__Required work__: From the records below, output exactly the lines running from the line containing "(sigma : var n k -> bool) : var" through the line containing "exists s : interp D, dqbf_val s phi.", and no others.

[[ Data in this exercise, beginning ]]

(* Let $P.\phi$ be a DQBF with prefix $P=\forall x_1,\dots,x_n\,\exists y_1(D_1),\dots,y_k(D_k)$ and let $G_{\mathrm{syn}}$ be an admissible group w.r.t. $P$. Then for every $g\in G_{\mathrm{syn}}$ and every $s\in\mathcal S(P)$, $[P.g(\phi)]_s=[P.\phi]_{g(s)}$. In particular, $P.\phi$ is true if and only if $P.g(\phi)$ is true, and $s$ is a model of $P.g(\phi)$ if and only if $g(s)$ is a model of $P.\phi$.
   Context: $X=\{x_1,\dots,x_n\}$, $Y=\{y_1,\dots,y_k\}$ are finite disjoint sets of propositional variables; $\operatorname{BF}(V)$ is the set of propositional formulas over $V\subseteq X\cup Y$; $\mathcal A(V)$ the set of assignments $V\to\{\top,\bot\}$, $[\phi]_\sigma$ the truth value. The prefix has dependency sets $D_j\subseteq X$; $\phi\in\operatorname{BF}(X\cup Y)$. An interpretation is $s=(s_1,\dots,s_k)$ with $s_j:\{\top,\bot\}^{|D_j|}\to\{\top,\bot\}$; $\mathcal S(P)$ is the set of interpretations. For $\sigma\in\mathcal A(X)$, $\sigma_s\in\mathcal A(X\cup Y)$ equals $\sigma$ on $X$ and $\sigma_s(y_j)=s_j$ evaluated at $\sigma$'s values on $D_j$. $[P.\phi]_s=\bigwedge_{\sigma\in\mathcal A(X)}[\phi]_{\sigma_s}$; $P.\phi$ is true if some $s$ gives $\top$, and such $s$ is a model. For $g:\operatorname{BF}(V)\to\operatorname{BF}(V)$ and $\sigma\in\mathcal A(V)$, $g(\sigma)(v)=[g(v)]_\sigma$; $g$ preserves propositional satisfiability if $[g(\phi)]_\sigma=[\phi]_{g(\sigma)}$ always. A formula in $\operatorname{BF}(Y)$ depends on $x_i$ if it contains some $y_j$ with $x_i\in D_j$. A bijection $g$ of $\operatorname{BF}(X\cup Y)$ is admissible w.r.t. $P$ if it preserves propositional satisfiability, $g(x_i)\in\operatorname{BF}(X)$, $g(y_j)\in\operatorname{BF}(Y)$, and if $g(y_j)$ depends on $x_i$ then $g^{-1}(x_i)\in\operatorname{BF}(D_j)$. An admissible group is a subgroup of the group of all admissible functions. For admissible $g$ and $\sigma\in\mathcal A(X)$, $g(\sigma)\in\mathcal A(X)$ is $g(\sigma)(x)=[g(x)]_\sigma$. For $g\in G_{\mathrm{syn}}$ and $s\in\mathcal S(P)$, $g(s)\in\mathcal S(P)$ is the (well-defined) interpretation $t$ with $\sigma_t=g(g^{-1}(\sigma)_s)$ for all $\sigma\in\mathcal A(X)$. *)

From mathcomp Require Import all_boot.
Set Implicit Arguments. Unset Strict Implicit. Unset Printing Implicit Defensive.

Inductive form (V : Type) : Type :=
  | fVar of V
  | fTrue
  | fFalse
  | fNot of form V
  | fAnd of form V & form V
  | fOr of form V & form V.
Arguments fTrue {V}. Arguments fFalse {V}.

Fixpoint eval (V : Type) (sigma : V -> bool) (f : form V) : bool :=
  match f with
  | fVar v => sigma v
  | fTrue => true
  | fFalse => false
  | fNot f1 => ~~ eval sigma f1
  | fAnd f1 f2 => eval sigma f1 && eval sigma f2
  | fOr f1 f2 => eval sigma f1 || eval sigma f2
  end.

(* all variables occurring in f satisfy p, i.e. f \in BF({v | p v}) *)
Fixpoint form_over (V : Type) (p : V -> bool) (f : form V) : bool :=
  match f with
  | fVar v => p v
  | fTrue | fFalse => true
  | fNot f1 => form_over p f1
  | fAnd f1 f2 | fOr f1 f2 => form_over p f1 && form_over p f2
  end.

Fixpoint occurs (V : eqType) (v : V) (f : form V) : bool :=
  match f with
  | fVar w => w == v
  | fTrue | fFalse => false
  | fNot f1 => occurs v f1
  | fAnd f1 f2 | fOr f1 f2 => occurs v f1 || occurs v f2
  end.

(* Variables: X = {x_1..x_n} as inl, Y = {y_1..y_k} as inr. *)
Definition var (n k : nat) : Type := ('I_n + 'I_k)%type.
Definition isX (n k : nat) (v : var n k) : bool := if v is inl _ then true else false.
Definition isY (n k : nat) (v : var n k) : bool := if v is inr _ then true else false.
Definition inDX (n k : nat) (Dj : {set 'I_n}) (v : var n k) : bool :=
  if v is inl x then x \in Dj else false.

Definition xv n k (i : 'I_n) : form (var n k) := fVar (inl i).
Definition yv n k (j : 'I_k) : form (var n k) := fVar (inr j).

Definition asg_act n k (g : form (var n k) -> form (var n k))
  (sigma : var n k -> bool) : var n k -> bool :=
  fun v => eval sigma (g (fVar v)).

Definition preserves_sat n k (g : form (var n k) -> form (var n k)) : Prop :=
  forall (phi : form (var n k)) (sigma : var n k -> bool),
    eval sigma (g phi) = eval (asg_act g sigma) phi.

Definition depends n k (D : 'I_k -> {set 'I_n}) (f : form (var n k)) (i : 'I_n) : Prop :=
  exists l : 'I_k, occurs (inr l : var n k) f /\ i \in D l.

Definition admissible n k (D : 'I_k -> {set 'I_n})
  (g : form (var n k) -> form (var n k)) : Prop :=
  [/\ bijective g,
      preserves_sat g,
      (forall i : 'I_n, form_over (@isX n k) (g (xv k i))),
      (forall j : 'I_k, form_over (@isY n k) (g (yv n j)))
    & (forall (i : 'I_n) (j : 'I_k), depends D (g (yv n j)) i ->
         (* g^{-1}(x_i) \in BF(D_j) *)
         forall f, g f = xv k i -> form_over (@inDX n k (D j)) f)].

Definition admissible_group n k (D : 'I_k -> {set 'I_n})
  (G : (form (var n k) -> form (var n k)) -> Prop) : Prop :=
  [/\ (forall g, G g -> admissible D g),
      G id,
      (forall g h, G g -> G h -> G (g \o h))
    & (forall g, G g -> exists h, [/\ G h, cancel g h & cancel h g])].

Definition interp n k (D : 'I_k -> {set 'I_n}) : Type :=
  forall j : 'I_k, ({x : 'I_n | x \in D j} -> bool) -> bool.

Definition ext n k (D : 'I_k -> {set 'I_n}) (s : interp D) (sigma : 'I_n -> bool)
  : var n k -> bool :=
  fun v => match v with
           | inl x => sigma x
           | inr j => s j (fun x => sigma (val x))
           end.

Definition dqbf_val n k (D : 'I_k -> {set 'I_n}) (s : interp D) (phi : form (var n k)) : bool :=
  [forall sigma : {ffun 'I_n -> bool}, eval (ext s sigma) phi].

Definition is_model n k (D : 'I_k -> {set 'I_n}) (s : interp D) (phi : form (var n k)) : Prop :=
  dqbf_val s phi.

Definition dqbf_true n k (D : 'I_k -> {set 'I_n}) (phi : form (var n k)) : Prop :=
  exists s : interp D, dqbf_val s phi.

(* view sigma \in A(X) as an assignment on X \cup Y (Y-values irrelevant for BF(X)) *)
Definition liftX n k (sigma : 'I_n -> bool) : var n k -> bool :=
  fun v => if v is inl x then sigma x else false.

Definition asgX_act n k (g : form (var n k) -> form (var n k)) (sigma : 'I_n -> bool)
  : 'I_n -> bool := fun x => eval (@liftX n k sigma) (g (xv k x)).

(* extend a : D_j -> bool to an element of A(X) (arbitrarily, false outside D_j) *)
Definition extendD n (Dj : {set 'I_n}) (a : {x : 'I_n | x \in Dj} -> bool) : 'I_n -> bool :=
  fun x => odflt false (omap a (insub x)).

(* g(s): the interpretation t with sigma_t = g(g^{-1}(sigma)_s), i.e.
   t_j(sigma|_{D_j}) = [g(y_j)]_{g^{-1}(sigma)_s}; ginv is g^{-1}. *)
Definition interp_act n k (D : 'I_k -> {set 'I_n})
  (g ginv : form (var n k) -> form (var n k)) (s : interp D) : interp D :=
  fun j a => eval (ext s (asgX_act ginv (extendD a))) (g (yv n j)).

From mathcomp Require Import all_boot.
From Stdlib Require Import FunctionalExtensionality.
Set Implicit Arguments. Unset Strict Implicit. Unset Printing Implicit Defensive.

(* Since g preserves satisfiability, [g(phi)]_(sigma_s) = [phi]_(g(sigma_s)), and
   the key point is that g(sigma_s) = g(sigma)_(g(s)): on X this is because g(x_i)
   lies in BF(X); on y_j, the formula g(y_j) lies in BF(Y), so it only reads the
   values s_l(sigma|D_l) of the y_l occurring in it, and for x_i in such a D_l the
   value sigma(x_i) = [g^-1(x_i)]_(g(sigma)) is determined by g(sigma)|D_j because
   g^-1(x_i) lies in BF(D_j).  As sigma |-> g(sigma) is a bijection of A(X) with
   inverse g^-1, the conjunctions over all sigma defining both sides coincide. *)

Section FormulaEvaluation.
Variable V : eqType.

Lemma eq_eval_occurs (s1 s2 : V -> bool) (f : form V) :
  (forall v, occurs v f -> s1 v = s2 v) -> eval s1 f = eval s2 f.
Proof.
elim: f => //= [v|f IH|f1 IH1 f2 IH2|f1 IH1 f2 IH2] eq_s; first exact: eq_s.
- by rewrite (IH eq_s).
- by rewrite IH1 ?IH2 // => v occ_v; apply: eq_s; rewrite occ_v ?orbT.
- by rewrite IH1 ?IH2 // => v occ_v; apply: eq_s; rewrite occ_v ?orbT.
Qed.

Lemma occurs_form_over (p : V -> bool) (v : V) (f : form V) :
  form_over p f -> occurs v f -> p v.
Proof.
elim: f => [w|||f IH|f1 IH1 f2 IH2|f1 IH1 f2 IH2] //=.
- by move=> pw /eqP <-.
- by case/andP=> p1 p2 /orP[]; [apply: IH1 | apply: IH2].
- by case/andP=> p1 p2 /orP[]; [apply: IH1 | apply: IH2].
Qed.

Lemma eq_eval_over (p : V -> bool) (s1 s2 : V -> bool) (f : form V) :
  form_over p f -> (forall v, p v -> s1 v = s2 v) -> eval s1 f = eval s2 f.
Proof.
by move=> f_p eq_s; apply: eq_eval_occurs => v /(occurs_form_over f_p) /eq_s.
Qed.

End FormulaEvaluation.

Section AssignmentsOfX.
Variables n k : nat.
Implicit Types (f : form (var n k)) (tau : 'I_n -> bool).

Lemma eval_liftX (sigma : var n k -> bool) f :
  form_over (@isX n k) f -> eval sigma f = eval (liftX (fun x => sigma (inl x))) f.
Proof. by move/eq_eval_over; apply=> -[]. Qed.

Lemma eval_liftX_extendD (Dj : {set 'I_n}) tau f :
  form_over (@inDX n k Dj) f ->
  eval (liftX (extendD (fun x : {x | x \in Dj} => tau (val x)))) f = eval (liftX tau) f.
Proof. by move/eq_eval_over; apply=> -[x /= x_Dj|//]; rewrite /extendD insubT. Qed.

Lemma asgX_actK (h hinv : form (var n k) -> form (var n k)) :
  preserves_sat hinv -> (forall i, form_over (@isX n k) (h (xv k i))) ->
  cancel h hinv -> cancel (asgX_act hinv) (asgX_act h).
Proof.
move=> sat_hinv hX hK tau; apply: functional_extensionality => i.
by rewrite /asgX_act -(eval_liftX (asg_act hinv (liftX tau))) // -sat_hinv hK.
Qed.

Lemma dqbf_valP (D : 'I_k -> {set 'I_n}) (s : interp D) f :
  reflect (forall sigma : 'I_n -> bool, eval (ext s sigma) f) (dqbf_val s f).
Proof.
apply: (iffP forallP) => [val_s sigma|val_s sigma]; last exact: val_s.
have <- : fun_of_fin [ffun x => sigma x] = sigma.
  by apply: functional_extensionality => x; rewrite ffunE.
exact: val_s.
Qed.

End AssignmentsOfX.

Section AdmissibleAction.
Variables (n k : nat) (D : 'I_k -> {set 'I_n}).
Variables g ginv : form (var n k) -> form (var n k).
Hypotheses (adm_g : admissible D g) (adm_ginv : admissible D ginv).
Hypotheses (gK : cancel g ginv) (ginvK : cancel ginv g).

Lemma asg_act_ext (s : interp D) (sigma : 'I_n -> bool) :
  asg_act g (ext s sigma) = ext (interp_act g ginv s) (asgX_act g sigma).
Proof.
case: adm_g => _ _ gX gY g_dep; case: adm_ginv => _ _ ginvX _ _.
apply: functional_extensionality => -[x|j]; first exact: (eval_liftX _ (gX x)).
rewrite /asg_act /interp_act; apply: eq_eval_occurs => v occ_v.
case: v occ_v (occurs_form_over (gY j) occ_v) => // l occ_l _ /=.
congr (s l); apply: functional_extensionality => -[i i_Dl] /=.
have ginv_Dj : form_over (inDX (D j)) (ginv (xv k i)).
  by apply: (g_dep i j) => //; exists l.
have asgX_gK : cancel (asgX_act g) (asgX_act ginv).
  case: adm_g => _ sat_g _ _ _; exact: asgX_actK.
rewrite -{1}(asgX_gK sigma); symmetry.
exact: (eval_liftX_extendD (asgX_act g sigma) ginv_Dj).
Qed.

Lemma dqbf_val_act (s : interp D) (phi : form (var n k)) :
  dqbf_val s (g phi) = dqbf_val (interp_act g ginv s) phi.
Proof.
case: adm_g => _ sat_g gX _ _; case: adm_ginv => _ sat_ginv _ _ _.
have eval_g sigma : eval (ext s sigma) (g phi)
    = eval (ext (interp_act g ginv s) (asgX_act g sigma)) phi.
  by rewrite sat_g asg_act_ext.
apply/dqbf_valP/dqbf_valP => [val_s tau|val_t sigma]; last by rewrite eval_g.
by rewrite -(asgX_actK sat_ginv gX gK tau) -eval_g.
Qed.

End AdmissibleAction.

Lemma admissible_group_inv n k (D : 'I_k -> {set 'I_n})
    (G : (form (var n k) -> form (var n k)) -> Prop) g ginv :
  admissible_group D G -> G g -> cancel ginv g -> admissible D ginv.
Proof.
case=> G_adm _ _ G_inv Gg ginvK; have [h [Gh gK_h _]] := G_inv g Gg.
have -> : ginv = h.
  by apply: functional_extensionality => f; rewrite -{2}(ginvK f) gK_h.
exact: G_adm Gh.
Qed.

Theorem proposition1 (n k : nat) (D : 'I_k -> {set 'I_n})
  (G : (form (var n k) -> form (var n k)) -> Prop) :
  admissible_group D G ->
  forall (g ginv : form (var n k) -> form (var n k)),
    G g -> cancel g ginv -> cancel ginv g ->
    forall phi : form (var n k),
      (forall s : interp D, dqbf_val s (g phi) = dqbf_val (interp_act g ginv s) phi)
      /\ (dqbf_true D phi <-> dqbf_true D (g phi))
      /\ (forall s : interp D, is_model s (g phi) <-> is_model (interp_act g ginv s) phi).
Proof.
move=> adm_G g ginv Gg gK ginvK phi.
have adm_g : admissible D g by case: adm_G => G_adm _ _ _; exact: G_adm.
have adm_ginv := admissible_group_inv adm_G Gg ginvK.
have val_g := dqbf_val_act adm_g adm_ginv gK ginvK.
split=> //; split=> [|s]; last by rewrite /is_model val_g.
split=> -[s val_s].
- exists (interp_act ginv g s).
  by rewrite -(dqbf_val_act adm_ginv adm_g ginvK gK) gK.
- by exists (interp_act g ginv s); rewrite -val_g.
Qed.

[[ Data in this exercise, end ]]

__Task result__:
  (sigma : var n k -> bool) : var n k -> bool :=
  fun v => eval sigma (g (fVar v)).

Definition preserves_sat n k (g : form (var n k) -> form (var n k)) : Prop :=
  forall (phi : form (var n k)) (sigma : var n k -> bool),
    eval sigma (g phi) = eval (asg_act g sigma) phi.

Definition depends n k (D : 'I_k -> {set 'I_n}) (f : form (var n k)) (i : 'I_n) : Prop :=
  exists l : 'I_k, occurs (inr l : var n k) f /\ i \in D l.

Definition admissible n k (D : 'I_k -> {set 'I_n})
  (g : form (var n k) -> form (var n k)) : Prop :=
  [/\ bijective g,
      preserves_sat g,
      (forall i : 'I_n, form_over (@isX n k) (g (xv k i))),
      (forall j : 'I_k, form_over (@isY n k) (g (yv n j)))
    & (forall (i : 'I_n) (j : 'I_k), depends D (g (yv n j)) i ->
         (* g^{-1}(x_i) \in BF(D_j) *)
         forall f, g f = xv k i -> form_over (@inDX n k (D j)) f)].

Definition admissible_group n k (D : 'I_k -> {set 'I_n})
  (G : (form (var n k) -> form (var n k)) -> Prop) : Prop :=
  [/\ (forall g, G g -> admissible D g),
      G id,
      (forall g h, G g -> G h -> G (g \o h))
    & (forall g, G g -> exists h, [/\ G h, cancel g h & cancel h g])].

Definition interp n k (D : 'I_k -> {set 'I_n}) : Type :=
  forall j : 'I_k, ({x : 'I_n | x \in D j} -> bool) -> bool.

Definition ext n k (D : 'I_k -> {set 'I_n}) (s : interp D) (sigma : 'I_n -> bool)
  : var n k -> bool :=
  fun v => match v with
           | inl x => sigma x
           | inr j => s j (fun x => sigma (val x))
           end.

Definition dqbf_val n k (D : 'I_k -> {set 'I_n}) (s : interp D) (phi : form (var n k)) : bool :=
  [forall sigma : {ffun 'I_n -> bool}, eval (ext s sigma) phi].

Definition is_model n k (D : 'I_k -> {set 'I_n}) (s : interp D) (phi : form (var n k)) : Prop :=
  dqbf_val s phi.

Definition dqbf_true n k (D : 'I_k -> {set 'I_n}) (phi : form (var n k)) : Prop :=
  exists s : interp D, dqbf_val s phi.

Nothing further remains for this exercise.